Records to process:
--------

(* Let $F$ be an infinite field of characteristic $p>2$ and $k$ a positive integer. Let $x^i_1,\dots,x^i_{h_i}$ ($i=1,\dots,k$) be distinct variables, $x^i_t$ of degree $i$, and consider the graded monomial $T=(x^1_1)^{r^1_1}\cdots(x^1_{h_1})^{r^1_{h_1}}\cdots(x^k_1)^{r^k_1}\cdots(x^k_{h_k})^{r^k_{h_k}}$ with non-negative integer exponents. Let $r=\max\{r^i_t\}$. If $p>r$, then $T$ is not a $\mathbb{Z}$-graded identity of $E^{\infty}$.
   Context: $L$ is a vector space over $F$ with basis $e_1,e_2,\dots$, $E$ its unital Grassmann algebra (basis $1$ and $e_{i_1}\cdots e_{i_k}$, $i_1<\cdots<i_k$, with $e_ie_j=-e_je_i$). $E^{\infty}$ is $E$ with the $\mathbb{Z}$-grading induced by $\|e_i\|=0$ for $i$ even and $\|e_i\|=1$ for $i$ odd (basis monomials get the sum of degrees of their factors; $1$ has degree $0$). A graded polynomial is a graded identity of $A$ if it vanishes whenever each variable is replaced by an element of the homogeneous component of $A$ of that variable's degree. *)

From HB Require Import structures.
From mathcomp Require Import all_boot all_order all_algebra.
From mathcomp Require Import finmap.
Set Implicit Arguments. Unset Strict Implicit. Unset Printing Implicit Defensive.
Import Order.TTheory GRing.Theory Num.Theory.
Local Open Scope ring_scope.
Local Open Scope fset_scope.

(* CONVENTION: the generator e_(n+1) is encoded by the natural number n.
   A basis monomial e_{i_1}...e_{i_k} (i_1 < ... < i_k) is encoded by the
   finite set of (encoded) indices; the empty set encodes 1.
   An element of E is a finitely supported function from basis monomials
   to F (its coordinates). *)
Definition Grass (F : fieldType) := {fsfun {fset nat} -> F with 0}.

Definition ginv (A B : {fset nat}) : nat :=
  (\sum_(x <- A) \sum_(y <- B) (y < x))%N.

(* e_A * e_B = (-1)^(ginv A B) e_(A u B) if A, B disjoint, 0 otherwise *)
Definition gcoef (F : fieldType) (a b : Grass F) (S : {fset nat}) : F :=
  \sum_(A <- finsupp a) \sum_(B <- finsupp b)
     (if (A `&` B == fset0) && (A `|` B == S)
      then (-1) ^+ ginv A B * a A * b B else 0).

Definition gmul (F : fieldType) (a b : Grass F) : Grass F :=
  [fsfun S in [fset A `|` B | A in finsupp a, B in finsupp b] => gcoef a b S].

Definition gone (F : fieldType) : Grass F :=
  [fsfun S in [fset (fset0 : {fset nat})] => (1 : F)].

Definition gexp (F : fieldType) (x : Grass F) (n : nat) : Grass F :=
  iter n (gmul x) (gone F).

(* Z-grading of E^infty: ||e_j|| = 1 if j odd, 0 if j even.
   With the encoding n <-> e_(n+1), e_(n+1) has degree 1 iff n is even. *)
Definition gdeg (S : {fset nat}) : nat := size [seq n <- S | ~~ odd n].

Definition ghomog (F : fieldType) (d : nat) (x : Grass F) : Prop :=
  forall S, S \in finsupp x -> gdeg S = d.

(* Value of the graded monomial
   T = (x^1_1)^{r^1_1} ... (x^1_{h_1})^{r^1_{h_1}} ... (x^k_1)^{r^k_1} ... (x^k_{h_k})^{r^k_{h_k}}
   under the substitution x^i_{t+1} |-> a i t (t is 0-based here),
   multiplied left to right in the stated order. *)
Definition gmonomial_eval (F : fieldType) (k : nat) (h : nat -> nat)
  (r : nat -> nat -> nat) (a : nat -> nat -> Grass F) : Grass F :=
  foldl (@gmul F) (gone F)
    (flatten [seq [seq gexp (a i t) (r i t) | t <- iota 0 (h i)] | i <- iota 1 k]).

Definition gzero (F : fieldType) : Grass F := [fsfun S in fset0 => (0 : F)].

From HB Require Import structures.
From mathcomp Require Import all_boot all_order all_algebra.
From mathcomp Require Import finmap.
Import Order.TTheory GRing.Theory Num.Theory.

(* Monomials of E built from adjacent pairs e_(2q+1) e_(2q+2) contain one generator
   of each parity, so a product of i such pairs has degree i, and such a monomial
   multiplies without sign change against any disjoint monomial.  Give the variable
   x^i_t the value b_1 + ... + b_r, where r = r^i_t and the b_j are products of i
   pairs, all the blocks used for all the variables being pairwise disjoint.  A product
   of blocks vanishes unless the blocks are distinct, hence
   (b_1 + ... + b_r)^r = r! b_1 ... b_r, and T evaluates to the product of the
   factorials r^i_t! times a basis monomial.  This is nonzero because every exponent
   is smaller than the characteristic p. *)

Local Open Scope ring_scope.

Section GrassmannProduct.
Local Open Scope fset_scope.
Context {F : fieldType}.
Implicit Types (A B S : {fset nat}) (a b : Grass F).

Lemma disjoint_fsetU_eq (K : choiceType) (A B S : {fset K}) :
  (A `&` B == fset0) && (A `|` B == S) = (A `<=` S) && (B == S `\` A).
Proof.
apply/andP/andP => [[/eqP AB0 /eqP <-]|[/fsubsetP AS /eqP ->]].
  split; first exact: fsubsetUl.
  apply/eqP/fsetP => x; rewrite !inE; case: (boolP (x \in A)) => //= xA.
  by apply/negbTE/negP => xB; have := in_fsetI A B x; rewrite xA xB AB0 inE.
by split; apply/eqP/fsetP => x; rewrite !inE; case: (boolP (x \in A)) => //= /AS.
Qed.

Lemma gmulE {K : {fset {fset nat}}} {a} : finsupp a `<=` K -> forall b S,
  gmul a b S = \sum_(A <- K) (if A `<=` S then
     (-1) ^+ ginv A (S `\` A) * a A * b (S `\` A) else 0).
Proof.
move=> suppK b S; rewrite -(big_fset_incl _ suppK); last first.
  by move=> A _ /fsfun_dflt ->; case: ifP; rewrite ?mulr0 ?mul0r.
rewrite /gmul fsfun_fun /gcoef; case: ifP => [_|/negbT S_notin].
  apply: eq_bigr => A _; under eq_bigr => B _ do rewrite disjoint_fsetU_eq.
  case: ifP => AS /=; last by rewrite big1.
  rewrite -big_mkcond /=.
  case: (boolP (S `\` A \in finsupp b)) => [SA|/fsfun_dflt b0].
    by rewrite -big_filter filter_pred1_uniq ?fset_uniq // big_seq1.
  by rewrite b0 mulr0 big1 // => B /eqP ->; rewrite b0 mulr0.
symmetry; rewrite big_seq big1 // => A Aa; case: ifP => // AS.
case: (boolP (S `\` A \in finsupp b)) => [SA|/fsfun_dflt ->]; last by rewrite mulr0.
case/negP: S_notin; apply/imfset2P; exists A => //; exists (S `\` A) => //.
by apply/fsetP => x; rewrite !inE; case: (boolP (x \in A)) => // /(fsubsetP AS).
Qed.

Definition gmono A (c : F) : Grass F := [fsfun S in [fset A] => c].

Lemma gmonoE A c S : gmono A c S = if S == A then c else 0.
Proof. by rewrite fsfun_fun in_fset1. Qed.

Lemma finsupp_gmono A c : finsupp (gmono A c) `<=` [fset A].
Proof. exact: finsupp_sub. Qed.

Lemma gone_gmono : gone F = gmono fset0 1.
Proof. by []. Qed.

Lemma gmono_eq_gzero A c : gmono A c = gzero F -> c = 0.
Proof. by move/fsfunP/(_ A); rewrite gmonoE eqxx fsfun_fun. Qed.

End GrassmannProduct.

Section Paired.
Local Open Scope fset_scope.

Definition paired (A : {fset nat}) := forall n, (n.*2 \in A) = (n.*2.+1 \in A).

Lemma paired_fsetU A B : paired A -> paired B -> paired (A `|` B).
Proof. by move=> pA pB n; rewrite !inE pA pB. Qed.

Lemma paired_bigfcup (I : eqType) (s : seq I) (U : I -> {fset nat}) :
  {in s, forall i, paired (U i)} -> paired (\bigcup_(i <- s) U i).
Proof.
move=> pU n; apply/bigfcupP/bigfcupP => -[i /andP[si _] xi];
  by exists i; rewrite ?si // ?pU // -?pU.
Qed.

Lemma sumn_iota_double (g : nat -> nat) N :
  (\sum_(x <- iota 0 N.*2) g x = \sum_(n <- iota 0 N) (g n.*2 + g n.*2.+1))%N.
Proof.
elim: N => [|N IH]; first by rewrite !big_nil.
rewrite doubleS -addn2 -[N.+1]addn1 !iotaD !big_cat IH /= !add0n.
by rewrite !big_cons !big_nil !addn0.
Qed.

--------

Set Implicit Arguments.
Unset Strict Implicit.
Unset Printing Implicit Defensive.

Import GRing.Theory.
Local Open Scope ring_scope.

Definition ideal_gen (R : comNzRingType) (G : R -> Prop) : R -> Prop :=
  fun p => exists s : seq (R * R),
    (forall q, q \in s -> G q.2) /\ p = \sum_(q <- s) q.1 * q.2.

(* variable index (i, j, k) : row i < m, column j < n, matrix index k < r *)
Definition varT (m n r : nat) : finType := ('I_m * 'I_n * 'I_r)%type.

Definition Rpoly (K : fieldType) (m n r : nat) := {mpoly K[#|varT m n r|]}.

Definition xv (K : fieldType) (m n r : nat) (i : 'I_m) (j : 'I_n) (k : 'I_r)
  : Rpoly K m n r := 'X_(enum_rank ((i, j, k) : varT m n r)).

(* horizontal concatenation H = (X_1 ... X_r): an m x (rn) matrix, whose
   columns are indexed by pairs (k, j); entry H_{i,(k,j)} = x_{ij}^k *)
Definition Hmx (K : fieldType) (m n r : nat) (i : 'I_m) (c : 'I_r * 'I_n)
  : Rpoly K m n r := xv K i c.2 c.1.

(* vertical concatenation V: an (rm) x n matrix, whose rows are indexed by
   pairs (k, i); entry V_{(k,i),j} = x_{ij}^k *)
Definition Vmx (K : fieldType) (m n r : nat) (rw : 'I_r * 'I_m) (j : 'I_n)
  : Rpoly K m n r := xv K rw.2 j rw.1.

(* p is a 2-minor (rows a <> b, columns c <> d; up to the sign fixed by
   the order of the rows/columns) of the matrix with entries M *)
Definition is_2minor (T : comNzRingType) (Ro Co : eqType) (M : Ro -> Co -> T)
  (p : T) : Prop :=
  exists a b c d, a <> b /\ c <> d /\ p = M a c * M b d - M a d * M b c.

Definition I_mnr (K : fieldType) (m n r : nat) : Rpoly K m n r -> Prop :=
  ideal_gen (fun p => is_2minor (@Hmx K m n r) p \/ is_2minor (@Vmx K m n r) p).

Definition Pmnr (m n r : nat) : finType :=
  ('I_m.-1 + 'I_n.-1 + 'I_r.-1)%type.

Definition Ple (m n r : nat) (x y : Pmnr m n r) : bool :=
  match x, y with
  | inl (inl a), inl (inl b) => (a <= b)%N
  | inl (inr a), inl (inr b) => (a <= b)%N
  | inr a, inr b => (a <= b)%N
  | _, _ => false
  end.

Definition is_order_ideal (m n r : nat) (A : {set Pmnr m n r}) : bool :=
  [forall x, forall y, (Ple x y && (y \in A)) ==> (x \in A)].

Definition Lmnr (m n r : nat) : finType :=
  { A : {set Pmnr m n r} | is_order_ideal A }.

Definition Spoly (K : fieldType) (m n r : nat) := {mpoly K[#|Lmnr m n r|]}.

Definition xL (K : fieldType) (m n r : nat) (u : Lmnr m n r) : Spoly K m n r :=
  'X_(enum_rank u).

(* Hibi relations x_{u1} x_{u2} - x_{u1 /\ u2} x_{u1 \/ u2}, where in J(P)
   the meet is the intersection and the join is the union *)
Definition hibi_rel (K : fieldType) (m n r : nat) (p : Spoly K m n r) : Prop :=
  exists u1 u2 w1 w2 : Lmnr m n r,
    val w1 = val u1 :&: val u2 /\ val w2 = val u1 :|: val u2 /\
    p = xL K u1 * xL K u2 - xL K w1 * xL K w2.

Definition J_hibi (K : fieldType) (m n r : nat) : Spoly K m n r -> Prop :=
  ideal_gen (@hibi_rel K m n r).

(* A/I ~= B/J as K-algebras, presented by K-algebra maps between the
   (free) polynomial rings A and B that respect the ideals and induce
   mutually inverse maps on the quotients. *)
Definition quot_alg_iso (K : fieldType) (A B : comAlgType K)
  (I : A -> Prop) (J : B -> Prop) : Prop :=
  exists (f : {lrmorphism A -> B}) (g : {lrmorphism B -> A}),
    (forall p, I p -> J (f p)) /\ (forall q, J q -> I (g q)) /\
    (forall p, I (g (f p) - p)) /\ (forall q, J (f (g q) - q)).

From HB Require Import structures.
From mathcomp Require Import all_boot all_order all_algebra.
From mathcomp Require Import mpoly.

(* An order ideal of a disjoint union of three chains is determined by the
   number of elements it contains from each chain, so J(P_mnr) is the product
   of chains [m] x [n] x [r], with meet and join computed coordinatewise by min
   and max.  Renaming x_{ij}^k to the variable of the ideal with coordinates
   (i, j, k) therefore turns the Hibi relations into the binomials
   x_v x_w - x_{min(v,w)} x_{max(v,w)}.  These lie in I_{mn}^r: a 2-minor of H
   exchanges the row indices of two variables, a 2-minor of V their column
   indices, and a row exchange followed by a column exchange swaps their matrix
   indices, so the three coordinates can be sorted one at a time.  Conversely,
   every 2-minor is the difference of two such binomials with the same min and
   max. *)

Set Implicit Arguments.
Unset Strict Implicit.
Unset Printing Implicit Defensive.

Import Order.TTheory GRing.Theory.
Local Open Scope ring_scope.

--------

Exercise brief: I'd like the lines above from the one with "split; first exact: fsubsetUl." up to and including the one with "apply: eq_bigr =>" copied exactly, with no other lines.

Expected answer:
  split; first exact: fsubsetUl.
  apply/eqP/fsetP => x; rewrite !inE; case: (boolP (x \in A)) => //= xA.
  by apply/negbTE/negP => xB; have := in_fsetI A B x; rewrite xA xB AB0 inE.
by split; apply/eqP/fsetP => x; rewrite !inE; case: (boolP (x \in A)) => //= /AS.
Qed.

Lemma gmulE {K : {fset {fset nat}}} {a} : finsupp a `<=` K -> forall b S,
  gmul a b S = \sum_(A <- K) (if A `<=` S then
     (-1) ^+ ginv A (S `\` A) * a A * b (S `\` A) else 0).
Proof.
move=> suppK b S; rewrite -(big_fset_incl _ suppK); last first.
  by move=> A _ /fsfun_dflt ->; case: ifP; rewrite ?mulr0 ?mul0r.
rewrite /gmul fsfun_fun /gcoef; case: ifP => [_|/negbT S_notin].
  apply: eq_bigr => A _; under eq_bigr => B _ do rewrite disjoint_fsetU_eq.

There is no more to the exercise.